Items listed in a dataset:
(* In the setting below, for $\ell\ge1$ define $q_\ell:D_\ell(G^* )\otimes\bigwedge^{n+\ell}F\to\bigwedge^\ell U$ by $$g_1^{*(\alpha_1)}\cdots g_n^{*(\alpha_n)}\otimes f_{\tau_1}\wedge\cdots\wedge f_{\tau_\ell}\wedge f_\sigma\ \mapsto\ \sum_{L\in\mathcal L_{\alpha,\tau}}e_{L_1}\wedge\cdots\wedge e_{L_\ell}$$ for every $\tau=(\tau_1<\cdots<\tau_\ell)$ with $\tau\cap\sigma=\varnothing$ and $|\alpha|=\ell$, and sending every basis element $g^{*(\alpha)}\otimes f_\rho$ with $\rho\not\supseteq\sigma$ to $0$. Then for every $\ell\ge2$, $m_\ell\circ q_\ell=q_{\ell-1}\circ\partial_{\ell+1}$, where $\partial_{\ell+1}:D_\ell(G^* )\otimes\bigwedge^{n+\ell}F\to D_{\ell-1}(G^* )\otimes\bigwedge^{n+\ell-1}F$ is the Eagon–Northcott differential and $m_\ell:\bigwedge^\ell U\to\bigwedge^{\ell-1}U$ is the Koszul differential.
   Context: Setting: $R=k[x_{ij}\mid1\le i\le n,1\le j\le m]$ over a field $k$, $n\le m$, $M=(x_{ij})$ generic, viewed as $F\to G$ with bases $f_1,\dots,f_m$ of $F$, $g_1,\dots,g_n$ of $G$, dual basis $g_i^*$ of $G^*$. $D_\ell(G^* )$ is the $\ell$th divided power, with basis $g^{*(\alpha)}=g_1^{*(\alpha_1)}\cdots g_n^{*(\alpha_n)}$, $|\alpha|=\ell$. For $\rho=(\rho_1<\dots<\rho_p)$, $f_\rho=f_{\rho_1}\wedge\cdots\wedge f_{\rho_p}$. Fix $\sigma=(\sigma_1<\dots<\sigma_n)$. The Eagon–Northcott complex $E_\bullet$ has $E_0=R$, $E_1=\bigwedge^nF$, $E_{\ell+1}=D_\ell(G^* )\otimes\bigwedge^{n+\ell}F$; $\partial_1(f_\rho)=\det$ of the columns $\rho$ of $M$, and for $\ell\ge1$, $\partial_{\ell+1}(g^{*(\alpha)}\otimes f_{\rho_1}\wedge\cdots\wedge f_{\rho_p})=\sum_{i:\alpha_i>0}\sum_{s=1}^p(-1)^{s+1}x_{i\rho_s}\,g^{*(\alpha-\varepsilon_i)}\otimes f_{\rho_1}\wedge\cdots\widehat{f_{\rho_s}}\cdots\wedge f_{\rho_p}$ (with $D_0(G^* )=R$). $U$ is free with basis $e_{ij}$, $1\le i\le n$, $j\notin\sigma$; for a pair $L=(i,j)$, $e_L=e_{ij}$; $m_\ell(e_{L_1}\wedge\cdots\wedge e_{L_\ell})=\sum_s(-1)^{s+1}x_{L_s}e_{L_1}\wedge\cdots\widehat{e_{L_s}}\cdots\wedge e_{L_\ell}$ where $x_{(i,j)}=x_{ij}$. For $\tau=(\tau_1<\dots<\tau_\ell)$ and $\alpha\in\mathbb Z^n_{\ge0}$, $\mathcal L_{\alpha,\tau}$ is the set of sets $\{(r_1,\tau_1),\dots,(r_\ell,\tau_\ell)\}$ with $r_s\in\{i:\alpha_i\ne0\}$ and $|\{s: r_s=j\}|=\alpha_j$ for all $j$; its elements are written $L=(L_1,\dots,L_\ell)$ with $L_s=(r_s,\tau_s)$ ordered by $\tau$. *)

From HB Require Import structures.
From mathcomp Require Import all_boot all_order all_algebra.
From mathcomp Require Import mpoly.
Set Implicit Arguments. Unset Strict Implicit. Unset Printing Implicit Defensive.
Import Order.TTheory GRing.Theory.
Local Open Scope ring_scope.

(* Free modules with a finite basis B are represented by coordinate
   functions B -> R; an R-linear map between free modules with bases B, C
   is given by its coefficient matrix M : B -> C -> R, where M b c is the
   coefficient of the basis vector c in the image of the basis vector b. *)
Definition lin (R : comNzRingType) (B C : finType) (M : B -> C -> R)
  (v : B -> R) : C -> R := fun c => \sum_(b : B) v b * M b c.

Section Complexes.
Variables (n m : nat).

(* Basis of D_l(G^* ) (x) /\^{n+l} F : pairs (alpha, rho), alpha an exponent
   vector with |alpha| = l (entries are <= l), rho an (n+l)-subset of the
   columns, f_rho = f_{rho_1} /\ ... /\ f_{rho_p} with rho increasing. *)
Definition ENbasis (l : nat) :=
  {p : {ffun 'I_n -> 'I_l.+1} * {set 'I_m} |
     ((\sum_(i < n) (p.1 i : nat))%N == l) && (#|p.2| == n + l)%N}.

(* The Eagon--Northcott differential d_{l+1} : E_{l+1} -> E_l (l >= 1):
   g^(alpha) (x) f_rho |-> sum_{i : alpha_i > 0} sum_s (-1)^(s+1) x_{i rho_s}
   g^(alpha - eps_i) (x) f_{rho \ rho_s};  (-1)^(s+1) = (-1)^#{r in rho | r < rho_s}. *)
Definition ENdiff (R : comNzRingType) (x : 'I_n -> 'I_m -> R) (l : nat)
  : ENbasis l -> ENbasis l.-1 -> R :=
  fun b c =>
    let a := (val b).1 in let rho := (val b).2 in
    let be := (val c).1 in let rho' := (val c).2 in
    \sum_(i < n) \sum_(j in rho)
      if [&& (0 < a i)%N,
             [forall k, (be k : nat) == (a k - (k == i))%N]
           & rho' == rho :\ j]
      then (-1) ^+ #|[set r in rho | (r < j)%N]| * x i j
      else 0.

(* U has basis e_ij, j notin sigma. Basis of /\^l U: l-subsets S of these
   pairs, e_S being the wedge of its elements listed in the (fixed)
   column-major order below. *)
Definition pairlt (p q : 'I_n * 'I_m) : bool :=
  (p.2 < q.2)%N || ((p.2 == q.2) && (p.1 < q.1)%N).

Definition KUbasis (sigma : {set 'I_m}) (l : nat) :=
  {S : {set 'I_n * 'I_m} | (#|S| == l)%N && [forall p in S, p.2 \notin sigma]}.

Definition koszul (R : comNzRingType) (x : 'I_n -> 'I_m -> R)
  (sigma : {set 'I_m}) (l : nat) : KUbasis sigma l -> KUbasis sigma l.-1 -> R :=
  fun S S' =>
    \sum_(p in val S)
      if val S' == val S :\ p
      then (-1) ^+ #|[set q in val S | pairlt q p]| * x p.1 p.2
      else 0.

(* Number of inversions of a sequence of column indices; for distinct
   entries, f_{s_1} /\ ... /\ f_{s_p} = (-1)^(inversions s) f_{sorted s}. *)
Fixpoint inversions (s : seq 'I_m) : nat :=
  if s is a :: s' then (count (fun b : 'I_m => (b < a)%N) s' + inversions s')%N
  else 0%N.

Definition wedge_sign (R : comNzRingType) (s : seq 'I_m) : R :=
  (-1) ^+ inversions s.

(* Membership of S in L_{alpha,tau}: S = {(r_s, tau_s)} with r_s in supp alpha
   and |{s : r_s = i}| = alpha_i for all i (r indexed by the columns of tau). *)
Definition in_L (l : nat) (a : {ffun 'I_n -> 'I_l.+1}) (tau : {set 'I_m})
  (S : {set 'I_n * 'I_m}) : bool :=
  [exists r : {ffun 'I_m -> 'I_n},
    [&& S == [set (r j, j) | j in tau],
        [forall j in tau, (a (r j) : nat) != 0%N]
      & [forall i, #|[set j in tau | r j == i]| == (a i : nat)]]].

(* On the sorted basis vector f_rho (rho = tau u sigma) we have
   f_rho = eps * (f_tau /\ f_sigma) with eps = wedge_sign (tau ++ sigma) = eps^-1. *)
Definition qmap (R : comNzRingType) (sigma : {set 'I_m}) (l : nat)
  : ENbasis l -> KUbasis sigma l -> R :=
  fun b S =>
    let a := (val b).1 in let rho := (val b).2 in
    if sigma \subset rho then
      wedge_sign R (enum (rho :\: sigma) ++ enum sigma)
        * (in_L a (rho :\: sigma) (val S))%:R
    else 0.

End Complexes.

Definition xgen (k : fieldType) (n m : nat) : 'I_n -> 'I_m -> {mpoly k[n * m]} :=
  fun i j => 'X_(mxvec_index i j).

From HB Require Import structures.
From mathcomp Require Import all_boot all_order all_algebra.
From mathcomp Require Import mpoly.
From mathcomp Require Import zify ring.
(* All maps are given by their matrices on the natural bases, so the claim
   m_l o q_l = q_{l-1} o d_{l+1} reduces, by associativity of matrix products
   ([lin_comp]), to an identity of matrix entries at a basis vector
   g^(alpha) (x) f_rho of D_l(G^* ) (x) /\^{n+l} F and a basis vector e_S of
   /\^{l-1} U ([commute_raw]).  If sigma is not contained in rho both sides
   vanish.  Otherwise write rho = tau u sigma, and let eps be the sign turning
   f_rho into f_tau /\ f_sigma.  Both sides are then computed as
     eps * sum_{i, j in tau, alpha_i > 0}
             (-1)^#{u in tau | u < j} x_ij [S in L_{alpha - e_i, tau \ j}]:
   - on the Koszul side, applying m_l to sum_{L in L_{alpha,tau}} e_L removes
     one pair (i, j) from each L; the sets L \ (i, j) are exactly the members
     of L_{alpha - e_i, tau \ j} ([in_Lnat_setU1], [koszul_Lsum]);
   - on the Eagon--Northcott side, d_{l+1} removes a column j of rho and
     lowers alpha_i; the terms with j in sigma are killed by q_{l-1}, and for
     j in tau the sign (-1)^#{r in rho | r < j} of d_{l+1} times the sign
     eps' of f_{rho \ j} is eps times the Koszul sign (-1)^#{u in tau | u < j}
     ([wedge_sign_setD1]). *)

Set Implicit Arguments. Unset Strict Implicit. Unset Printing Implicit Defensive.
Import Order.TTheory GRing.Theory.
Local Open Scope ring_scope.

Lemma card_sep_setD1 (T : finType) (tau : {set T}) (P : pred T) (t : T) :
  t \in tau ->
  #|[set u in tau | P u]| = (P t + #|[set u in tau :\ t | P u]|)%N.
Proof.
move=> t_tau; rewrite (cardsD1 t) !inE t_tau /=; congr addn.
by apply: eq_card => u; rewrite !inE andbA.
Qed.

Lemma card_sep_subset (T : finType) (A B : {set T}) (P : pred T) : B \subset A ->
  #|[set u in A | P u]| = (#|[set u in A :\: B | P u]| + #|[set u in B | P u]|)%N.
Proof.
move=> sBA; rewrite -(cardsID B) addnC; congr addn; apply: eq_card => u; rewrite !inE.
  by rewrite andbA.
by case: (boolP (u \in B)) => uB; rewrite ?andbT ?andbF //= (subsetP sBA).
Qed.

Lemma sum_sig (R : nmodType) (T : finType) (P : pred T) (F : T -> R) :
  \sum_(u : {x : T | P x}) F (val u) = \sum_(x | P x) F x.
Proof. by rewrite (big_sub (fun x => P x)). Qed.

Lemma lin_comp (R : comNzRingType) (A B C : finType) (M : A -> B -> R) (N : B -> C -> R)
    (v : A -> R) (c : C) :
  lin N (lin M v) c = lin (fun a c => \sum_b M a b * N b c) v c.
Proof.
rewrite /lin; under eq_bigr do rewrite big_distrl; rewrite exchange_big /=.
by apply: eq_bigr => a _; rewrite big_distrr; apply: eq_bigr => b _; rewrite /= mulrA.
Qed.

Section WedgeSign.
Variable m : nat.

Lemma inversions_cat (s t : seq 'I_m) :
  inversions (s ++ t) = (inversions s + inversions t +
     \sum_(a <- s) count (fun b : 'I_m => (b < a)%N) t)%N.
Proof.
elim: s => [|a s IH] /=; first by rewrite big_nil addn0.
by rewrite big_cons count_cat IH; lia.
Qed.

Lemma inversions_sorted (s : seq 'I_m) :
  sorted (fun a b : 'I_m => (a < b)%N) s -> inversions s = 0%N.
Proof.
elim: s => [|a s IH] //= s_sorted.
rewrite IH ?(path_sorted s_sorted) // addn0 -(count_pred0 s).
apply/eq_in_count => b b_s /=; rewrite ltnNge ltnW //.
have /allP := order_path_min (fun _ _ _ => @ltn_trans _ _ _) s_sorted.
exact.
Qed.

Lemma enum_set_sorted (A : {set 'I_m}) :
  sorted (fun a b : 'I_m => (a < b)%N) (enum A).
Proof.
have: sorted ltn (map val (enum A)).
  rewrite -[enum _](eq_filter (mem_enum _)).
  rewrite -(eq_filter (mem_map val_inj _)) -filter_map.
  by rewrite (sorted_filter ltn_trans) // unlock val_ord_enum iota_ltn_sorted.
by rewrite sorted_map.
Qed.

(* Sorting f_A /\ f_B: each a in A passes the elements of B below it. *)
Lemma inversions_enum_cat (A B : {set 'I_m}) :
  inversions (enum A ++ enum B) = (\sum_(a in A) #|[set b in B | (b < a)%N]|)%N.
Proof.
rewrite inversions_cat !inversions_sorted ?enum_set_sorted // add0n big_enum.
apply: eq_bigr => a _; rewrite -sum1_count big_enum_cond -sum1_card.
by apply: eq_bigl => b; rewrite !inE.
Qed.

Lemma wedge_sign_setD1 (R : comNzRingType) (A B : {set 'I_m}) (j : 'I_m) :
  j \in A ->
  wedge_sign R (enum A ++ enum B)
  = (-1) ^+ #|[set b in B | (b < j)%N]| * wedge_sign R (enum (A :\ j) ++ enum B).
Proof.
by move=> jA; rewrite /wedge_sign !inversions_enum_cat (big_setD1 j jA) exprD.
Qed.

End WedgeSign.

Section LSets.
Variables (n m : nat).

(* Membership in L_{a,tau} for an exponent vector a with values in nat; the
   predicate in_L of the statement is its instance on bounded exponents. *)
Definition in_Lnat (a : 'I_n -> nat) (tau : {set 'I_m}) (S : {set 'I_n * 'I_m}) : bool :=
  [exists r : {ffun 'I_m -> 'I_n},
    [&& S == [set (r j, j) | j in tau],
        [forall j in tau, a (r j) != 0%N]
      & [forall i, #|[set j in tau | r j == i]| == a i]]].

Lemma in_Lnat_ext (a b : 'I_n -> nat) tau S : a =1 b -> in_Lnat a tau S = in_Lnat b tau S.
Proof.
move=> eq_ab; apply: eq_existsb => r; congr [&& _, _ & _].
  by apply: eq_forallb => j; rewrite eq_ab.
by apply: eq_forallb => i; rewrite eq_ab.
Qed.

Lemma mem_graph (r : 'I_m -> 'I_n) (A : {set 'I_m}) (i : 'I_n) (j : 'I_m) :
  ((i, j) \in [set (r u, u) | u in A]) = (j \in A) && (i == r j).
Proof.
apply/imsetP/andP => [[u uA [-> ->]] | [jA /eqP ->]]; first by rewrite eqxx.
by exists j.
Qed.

## What the exercise asks:
All that is needed is the exact run of lines above from the line containing "Lemma lin_comp (R" through the line containing "wedge_sign R (enum A ++ enum B)", both of them included.

## Answer section:
Lemma lin_comp (R : comNzRingType) (A B C : finType) (M : A -> B -> R) (N : B -> C -> R)
    (v : A -> R) (c : C) :
  lin N (lin M v) c = lin (fun a c => \sum_b M a b * N b c) v c.
Proof.
rewrite /lin; under eq_bigr do rewrite big_distrl; rewrite exchange_big /=.
by apply: eq_bigr => a _; rewrite big_distrr; apply: eq_bigr => b _; rewrite /= mulrA.
Qed.

Section WedgeSign.
Variable m : nat.

Lemma inversions_cat (s t : seq 'I_m) :
  inversions (s ++ t) = (inversions s + inversions t +
     \sum_(a <- s) count (fun b : 'I_m => (b < a)%N) t)%N.
Proof.
elim: s => [|a s IH] /=; first by rewrite big_nil addn0.
by rewrite big_cons count_cat IH; lia.
Qed.

Lemma inversions_sorted (s : seq 'I_m) :
  sorted (fun a b : 'I_m => (a < b)%N) s -> inversions s = 0%N.
Proof.
elim: s => [|a s IH] //= s_sorted.
rewrite IH ?(path_sorted s_sorted) // addn0 -(count_pred0 s).
apply/eq_in_count => b b_s /=; rewrite ltnNge ltnW //.
have /allP := order_path_min (fun _ _ _ => @ltn_trans _ _ _) s_sorted.
exact.
Qed.

Lemma enum_set_sorted (A : {set 'I_m}) :
  sorted (fun a b : 'I_m => (a < b)%N) (enum A).
Proof.
have: sorted ltn (map val (enum A)).
  rewrite -[enum _](eq_filter (mem_enum _)).
  rewrite -(eq_filter (mem_map val_inj _)) -filter_map.
  by rewrite (sorted_filter ltn_trans) // unlock val_ord_enum iota_ltn_sorted.
by rewrite sorted_map.
Qed.

(* Sorting f_A /\ f_B: each a in A passes the elements of B below it. *)
Lemma inversions_enum_cat (A B : {set 'I_m}) :
  inversions (enum A ++ enum B) = (\sum_(a in A) #|[set b in B | (b < a)%N]|)%N.
Proof.
rewrite inversions_cat !inversions_sorted ?enum_set_sorted // add0n big_enum.
apply: eq_bigr => a _; rewrite -sum1_count big_enum_cond -sum1_card.
by apply: eq_bigl => b; rewrite !inE.
Qed.

Lemma wedge_sign_setD1 (R : comNzRingType) (A B : {set 'I_m}) (j : 'I_m) :
  j \in A ->
  wedge_sign R (enum A ++ enum B)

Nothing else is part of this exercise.